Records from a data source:
BEGIN

Lemma l1norm_cvg0 : l1norm (M - M_ N) @[N --> \oo] --> 0.
Proof.
have -> : 0 = \sum_(a < n) \sum_(b < n) `|M a b - M a b| :> R.
  by rewrite big1 // => a _; rewrite big1 // => b _; rewrite subrr normr0.
apply: cvg_big => [|a _]; first exact: add_continuous.
apply: cvg_big => [|b _]; first exact: add_continuous.
have entry N : `|(M - M_ N) a b| = `|M a b - M_ N a b| by rewrite !mxE.
by rewrite (eq_cvg _ _ entry); exact: cvg_norm (cvgB (cvg_cst _) (@M_cvg a b)).
Qed.
End EntrywiseLimits.

Definition psd_family (R : realType) (n m : nat) (X : 'I_m -> 'M[R]_n) :=
  forall i, possemidef (X i).

Definition loewner_le (R : realType) (n m : nat) (X Y : 'I_m -> 'M[R]_n) :=
  forall i x, qform (X i) x <= qform (Y i) x.

Lemma qform_phi (R : realType) (n m : nat) (T : 'M[R]_m) (X : 'I_m -> 'M[R]_n) i y :
  qform (phi T X i) y = \sum_j T i j * qform (X j) y.
Proof. by rewrite qform_sum; apply: eq_bigr => j _; rewrite qformZ. Qed.

Lemma qform_family_le_coercive (R : realType) (n m : nat) (D : 'I_m -> 'M[R]_n)
    (Q : 'M[R]_n) c j x :
  0 < c -> (forall y, c * sqnorm y <= qform Q y) ->
  qform (D j) x <= (\sum_l l1norm (D l)) / c * qform Q x.
Proof.
move=> c_gt0 Q_coercive; apply: le_trans (qform_le_coercive _ x c_gt0 Q_coercive) _.
apply: ler_wpM2r; first exact: le_trans (mulr_ge0 (ltW c_gt0) (sqnorm_ge0 x)) (Q_coercive x).
apply: ler_wpM2r; first by rewrite invr_ge0 ltW.
by rewrite (bigD1 j) //= lerDl sumr_ge0 // => l _; apply: l1norm_ge0.
Qed.

Lemma le0_of_natmul_bounded (R : archiRealFieldType) (d C : R) :
  (forall N, d *+ N <= C) -> d <= 0.
Proof.
move=> bdd; rewrite leNgt; apply/negP => d_gt0.
have C_ge0 : 0 <= C by apply: le_trans (bdd 0%N); rewrite mulr0n.
have := archi_boundP (divr_ge0 C_ge0 (ltW d_gt0)).
by rewrite ltr_pdivrMr // mulr_natl ltNge bdd.
Qed.

Section ClosedLoop.
Variables (R : realType) (n m : nat) (T : 'M[R]_m) (L : 'I_m -> 'M[R]_n).
Hypothesis T_ge0 : forall i j, 0 <= T i j.
Implicit Types (X Y : 'I_m -> 'M[R]_n) (i : 'I_m) (x : 'cV[R]_n).

Definition closed_loop X i := (L i)^T *m phi T X i *m L i.

Lemma qform_closed_loop X i x :
  qform (closed_loop X i) x = \sum_j T i j * qform (X j) (L i *m x).
Proof. by rewrite qform_conj qform_phi. Qed.

Lemma closed_loop_mono X Y : loewner_le X Y -> loewner_le (closed_loop X) (closed_loop Y).
Proof.
by move=> XY i x; rewrite !qform_closed_loop; apply: ler_sum => j _; apply: ler_wpM2l.
Qed.

Lemma iter_closed_loop_mono N X Y :
  loewner_le X Y -> loewner_le (iter N closed_loop X) (iter N closed_loop Y).
Proof. by move=> XY; elim: N => //= N; apply: closed_loop_mono. Qed.

Lemma qform_iter_closed_loopD N X Y i x :
  qform (iter N closed_loop (fun j => X j + Y j) i) x
  = qform (iter N closed_loop X i) x + qform (iter N closed_loop Y i) x.
Proof.
elim: N i x => [|N IH] i x /=; first by rewrite qformD.
rewrite !qform_closed_loop -big_split; apply: eq_bigr => j _; by rewrite IH mulrDr.
Qed.

Lemma qform_iter_closed_loopZ N (c : R) X i x :
  qform (iter N closed_loop (fun j => c *: X j) i) x = c * qform (iter N closed_loop X i) x.
Proof.
elim: N i x => [|N IH] i x /=; first by rewrite qformZ.
rewrite !qform_closed_loop mulr_sumr; apply: eq_bigr => j _; rewrite IH; ring.
Qed.

Lemma iter_closed_loop_ge0 N X : (forall i x, 0 <= qform (X i) x) ->
  forall i x, 0 <= qform (iter N closed_loop X i) x.
Proof.
move=> X_ge0; elim: N => //= N IH i x; rewrite qform_closed_loop.
by apply: sumr_ge0 => j _; apply: mulr_ge0.
Qed.

(* [D <= L^N D <= k L^N Q] for all [N], while the partial sums of [L^l Q]
   are bounded by [P]; hence [N D <= k P] for every [N]. *)
Lemma closed_loop_subinvariant_nonpos (Q : 'M[R]_n) (D P : 'I_m -> 'M[R]_n) :
  posdef Q -> loewner_le D (closed_loop D) ->
  (forall i x, qform Q x + qform (closed_loop P i) x <= qform (P i) x) ->
  (forall i x, 0 <= qform (P i) x) ->
  forall i x, qform (D i) x <= 0.
Proof.
move=> Q_posdef D_sub P_super P_ge0 i x.
have [c c_gt0 Q_coercive] := posdef_coercive Q_posdef.
pose Qf := fun _ : 'I_m => Q.
pose S := \sum_j l1norm (D j); pose k := S / c.
have S_ge0 : 0 <= S by apply: sumr_ge0 => j _; apply: l1norm_ge0.
have D_le_Q : loewner_le D (fun _ => k *: Q).
  by move=> j y; rewrite qformZ; apply: qform_family_le_coercive.
have D_le_iter N : loewner_le D (iter N closed_loop D).
  elim: N => [|N IH] //= j y; apply: le_trans (D_sub j y) _; exact: closed_loop_mono.
have iter_D_le N j y :
    qform (iter N closed_loop D j) y <= k * qform (iter N closed_loop Qf j) y.
  by rewrite -qform_iter_closed_loopZ; apply: iter_closed_loop_mono.
have partial_sums_le N j y :
    \sum_(l < N) qform (iter l closed_loop Qf j) y + qform (iter N closed_loop P j) y
    <= qform (P j) y.
  elim: N j y => [|N IH] j y; first by rewrite big_ord0 add0r.
  apply: le_trans (IH j y); rewrite big_ord_recr -addrA lerD2l iterSr.
  rewrite -qform_iter_closed_loopD; apply: iter_closed_loop_mono => l z.
  by rewrite qformD; apply: P_super.
apply: (@le0_of_natmul_bounded _ _ (k * qform (P i) x)) => N.
have -> : qform (D i) x *+ N = \sum_(l < N) qform (D i) x by rewrite sumr_const card_ord.
apply: (@le_trans _ _ (\sum_(l < N) k * qform (iter l closed_loop Qf i) x)).
  by apply: ler_sum => l _; apply: le_trans (D_le_iter l i x) (iter_D_le l i x).
rewrite -mulr_sumr ler_wpM2l ?divr_ge0 ?(ltW c_gt0) //.
apply: le_trans (partial_sums_le N i x); rewrite lerDl; exact: iter_closed_loop_ge0.
Qed.
End ClosedLoop.

Section Riccati.
Variables (R : realType) (n p m : nat).
Variables (A : 'I_m -> 'M[R]_n) (B : 'I_m -> 'M[R]_(n, p)).
Variables (Q : 'M[R]_n) (Rc : 'M[R]_p) (T : 'M[R]_m).
Hypothesis T_ge0 : forall i j, 0 <= T i j.
Hypothesis Q_posdef : posdef Q.
Hypothesis Rc_posdef : posdef Rc.

Local Notation ric := (Ric A B Q Rc T).
Local Notation gain := (Kgain A B Rc T).
Implicit Types (X Y : 'I_m -> 'M[R]_n) (i : 'I_m) (x : 'cV[R]_n) (K : 'M[R]_(p, n)).

Definition bellman X i K x :=
  qform Q x + qform Rc (K *m x) + qform (phi T X i) ((A i + B i *m K) *m x).

Lemma qform_Q_ge0 x : 0 <= qform Q x.
Proof. exact/psd_qform_ge0/posdef_possemidef. Qed.

Lemma qform_Rc_ge0 (u : 'cV[R]_p) : 0 <= qform Rc u.
Proof. exact/psd_qform_ge0/posdef_possemidef. Qed.

Lemma phi_psd X i : psd_family X -> possemidef (phi T X i).
Proof.
move=> psdX; split.
  by rewrite linear_sum; apply: eq_bigr => j _; rewrite linearZ /= (proj1 (psdX j)).
move=> y; rewrite -/(qform _ y) qform_phi; apply: sumr_ge0 => j _.
exact: mulr_ge0 (T_ge0 i j) (proj2 (psdX j) y).
Qed.

Lemma gain_denom_posdef X i : psd_family X -> posdef (Rc + (B i)^T *m phi T X i *m B i).
Proof.
move=> psdX; split.
  by rewrite linearD /= (proj1 Rc_posdef) !trmx_mul trmxK (proj1 (phi_psd i psdX)) mulmxA.
move=> u u0; rewrite -/(qform _ u) qformD qform_conj.
exact: ltr_wpDr (psd_qform_ge0 _ (phi_psd i psdX)) (proj2 Rc_posdef u u0).
Qed.

Lemma bellman_completion X i K x : psd_family X ->
  bellman X i K x = qform (ric X i) x
    + qform (Rc + (B i)^T *m phi T X i *m B i) ((K - gain X i) *m x).
Proof.
move=> psdX; have W_pd := gain_denom_posdef i psdX.
have uW := posdef_unitmx W_pd; have sW := proj1 W_pd.
have sP := proj1 (phi_psd i psdX).
move: sW uW; rewrite /bellman /Ric /Kgain.
set P := phi T X i; set W := Rc + _; set G := (B i)^T *m P *m A i => sW uW.
set Ks := - (invmx W *m (B i)^T *m P *m A i).
have WKs : W *m Ks = - G by rewrite mulmxN !mulmxA (mulmxV uW) mul1mx.
have KsW : Ks^T *m W = - ((A i)^T *m P *m B i).
  by rewrite -[in LHS]sW -trmx_mul WKs /G linearN /= !trmx_mul trmxK sP mulmxA.
have e1 : K^T *m W *m Ks = - (K^T *m G) by rewrite -mulmxA WKs mulmxN.
have e2 : Ks^T *m W *m K = - ((A i)^T *m P *m B i *m K) by rewrite KsW mulNmx.
have e3 : Ks^T *m W *m Ks = (A i)^T *m P^T *m B i *m invmx W *m (B i)^T *m P *m A i.
  by rewrite KsW mulNmx /Ks mulmxN opprK sP !mulmxA.
have e4 : K^T *m W *m K = K^T *m Rc *m K + K^T *m (B i)^T *m P *m B i *m K.
  by rewrite /W mulmxDr mulmxDl !mulmxA.
clearbody Ks W; rewrite -!qform_conj.
rewrite !(raddfD trmx, raddfB trmx) /= !(mulmxDl, mulmxDr, mulmxBl, mulmxBr) !qformD ?qformN.
rewrite !(raddfN trmx) /= !(mulNmx, mulmxN) ?opprK e1 e2 e3 e4.
rewrite !trmx_mul ?qformN !qformD /G !mulmxA.
lra.
Qed.

Lemma Ric_le_bellman X i K x : psd_family X -> qform (ric X i) x <= bellman X i K x.
Proof.
move=> psdX; rewrite bellman_completion // lerDl qformD qform_conj.
exact: addr_ge0 (qform_Rc_ge0 _) (psd_qform_ge0 _ (phi_psd i psdX)).
Qed.

Lemma Ric_bellman X i x : psd_family X -> qform (ric X i) x = bellman X i (gain X i) x.
Proof. by move=> psdX; rewrite bellman_completion // subrr mul0mx qformv0 addr0. Qed.

Lemma Q_le_Ric X i x : psd_family X -> qform Q x <= qform (ric X i) x.
Proof.
move=> psdX; rewrite Ric_bellman // /bellman -addrA lerDl.
exact: addr_ge0 (qform_Rc_ge0 _) (psd_qform_ge0 _ (phi_psd i psdX)).
Qed.

Lemma Ric_psd X : psd_family X -> psd_family (ric X).
Proof.
move=> psdX i; split; last first.
  by move=> x; apply: le_trans (Q_le_Ric i x psdX); exact: qform_Q_ge0.
have sP := proj1 (phi_psd i psdX); have sW := proj1 (gain_denom_posdef i psdX).
rewrite /Ric !(raddfB trmx, raddfD trmx) /= !trmx_mul !trmxK trmx_inv sW sP.
by rewrite (proj1 Q_posdef) !mulmxA.
Qed.

Lemma Ric_mono X Y : psd_family X -> psd_family Y -> loewner_le X Y ->
  loewner_le (ric X) (ric Y).
Proof.
move=> psdX psdY XY i x; rewrite [leRHS]Ric_bellman //.
apply: le_trans (Ric_le_bellman i (gain Y i) x psdX) _; rewrite lerD2l !qform_phi.
by apply: ler_sum => j _; apply: ler_wpM2l.
Qed.

Lemma riccati_sol_le_supersol (P P' : 'I_m -> 'M[R]_n) (K : 'I_m -> 'M[R]_(p, n)) :
  riccati_sol A B Q Rc T P -> psd_family P -> psd_family P' ->
  (forall i x, bellman P' i (K i) x <= qform (P' i) x) ->
  loewner_le P P'.
Proof.
move=> solP psdP psdP' P'_super.
pose L i := A i + B i *m K i.
suff D_nonpos : forall i x, qform (P i - P' i) x <= 0.
  by move=> i x; move: (D_nonpos i x); rewrite qformB subr_le0.
apply: (closed_loop_subinvariant_nonpos (L := L) T_ge0 Q_posdef (P := P')).
- move=> i x; rewrite qform_closed_loop qformB.
  have := Ric_le_bellman i (K i) x psdP; rewrite -solP.
  have := P'_super i x; rewrite /bellman !qform_phi.
  have -> : \sum_j T i j * qform (P j - P' j) (L i *m x)
          = \sum_j T i j * qform (P j) (L i *m x) - \sum_j T i j * qform (P' j) (L i *m x).
    by rewrite -sumrB; apply: eq_bigr => j _; rewrite qformB mulrBr.
  rewrite /L; lra.
- move=> i x; rewrite /closed_loop qform_conj; apply: le_trans (P'_super i x).
  by rewrite /bellman lerD2r lerDl qform_Rc_ge0.
- by move=> i x; apply: psd_qform_ge0.
Qed.

Lemma riccati_sol_psd_unique (P P' : 'I_m -> 'M[R]_n) :
  riccati_sol A B Q Rc T P -> psd_family P ->
  riccati_sol A B Q Rc T P' -> psd_family P' -> P = P'.
Proof.
have le_sol X Y : riccati_sol A B Q Rc T X -> psd_family X ->
    riccati_sol A B Q Rc T Y -> psd_family Y -> loewner_le X Y.
  move=> solX psdX solY psdY; apply: (riccati_sol_le_supersol (K := gain Y)) => // i x.
  by rewrite -Ric_bellman // -solY.
move=> solP psdP solP' psdP'; apply/funext => i.
apply: qform_inj; [exact: (proj1 (psdP i)) | exact: (proj1 (psdP' i)) |] => x.
by apply/eqP; rewrite eq_le le_sol // le_sol.
Qed.

Lemma bellman_le_scale X Y i K x (t : R) : 1 <= t ->
  (forall j z, qform (X j) z <= t * qform (Y j) z) ->
  bellman X i K x <= t * bellman Y i K x.
Proof.
move=> t_ge1 XY; rewrite /bellman !mulrDr !qform_phi mulr_sumr.
have cost_ge0 : 0 <= qform Q x + qform Rc (K *m x) by rewrite addr_ge0 ?qform_Q_ge0 ?qform_Rc_ge0.
apply: lerD; first by rewrite -mulrDr ler_peMl.
apply: ler_sum => j _; rewrite mulrCA; exact: ler_wpM2l.
Qed.

Definition value_iter N : 'I_m -> 'M[R]_n := iter N ric (fun _ => 0).

Lemma value_iter_psd N : psd_family (value_iter N).
Proof.
elim: N => [|N IH] /=; last exact: Ric_psd.
by move=> i /=; split=> [|x]; rewrite ?trmx0 // mulmx0 mul0mx mxE.
Qed.

Lemma value_iter_le_succ N : loewner_le (value_iter N) (value_iter N.+1).
Proof.
elim: N => [|N IH] i x; last exact: Ric_mono (value_iter_psd _) (value_iter_psd _) IH i x.
by rewrite qform0; apply: psd_qform_ge0; apply: value_iter_psd.
Qed.

Lemma value_iter_le_sol P N : riccati_sol A B Q Rc T P -> psd_family P ->
  loewner_le (value_iter N) P.
Proof.
move=> solP psdP; elim: N => [|N IH] i x.
  by rewrite qform0; apply: psd_qform_ge0.
by rewrite solP; apply: Ric_mono IH i x => //; apply: value_iter_psd.
Qed.

Section ValueIterationLimit.
Hypothesis value_iter_bounded : forall i x, exists C, forall N, qform (value_iter N i) x <= C.

Lemma qform_value_iter_nondecreasing i x :
  nondecreasing_seq (fun N => qform (value_iter N i) x).
Proof. by apply/nondecreasing_seqP => N; apply: value_iter_le_succ. Qed.

Lemma qform_value_iter_is_cvg i x : cvgn (fun N => qform (value_iter N i) x).
Proof.
apply: nondecreasing_is_cvgn; first exact: qform_value_iter_nondecreasing.
by have [C leC] := value_iter_bounded i x; exists C => _ [N _ <-].
Qed.

Definition value_lim i : 'M[R]_n := \matrix_(a, b) limn (fun N => value_iter N i a b).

END

* **TASK TO COMPLETE**
Go through the entries and copy every line with "invmx".

* **PROBLEM SOLUTION**
set Ks := - (invmx W *m (B i)^T *m P *m A i).
have e3 : Ks^T *m W *m Ks = (A i)^T *m P^T *m B i *m invmx W *m (B i)^T *m P *m A i.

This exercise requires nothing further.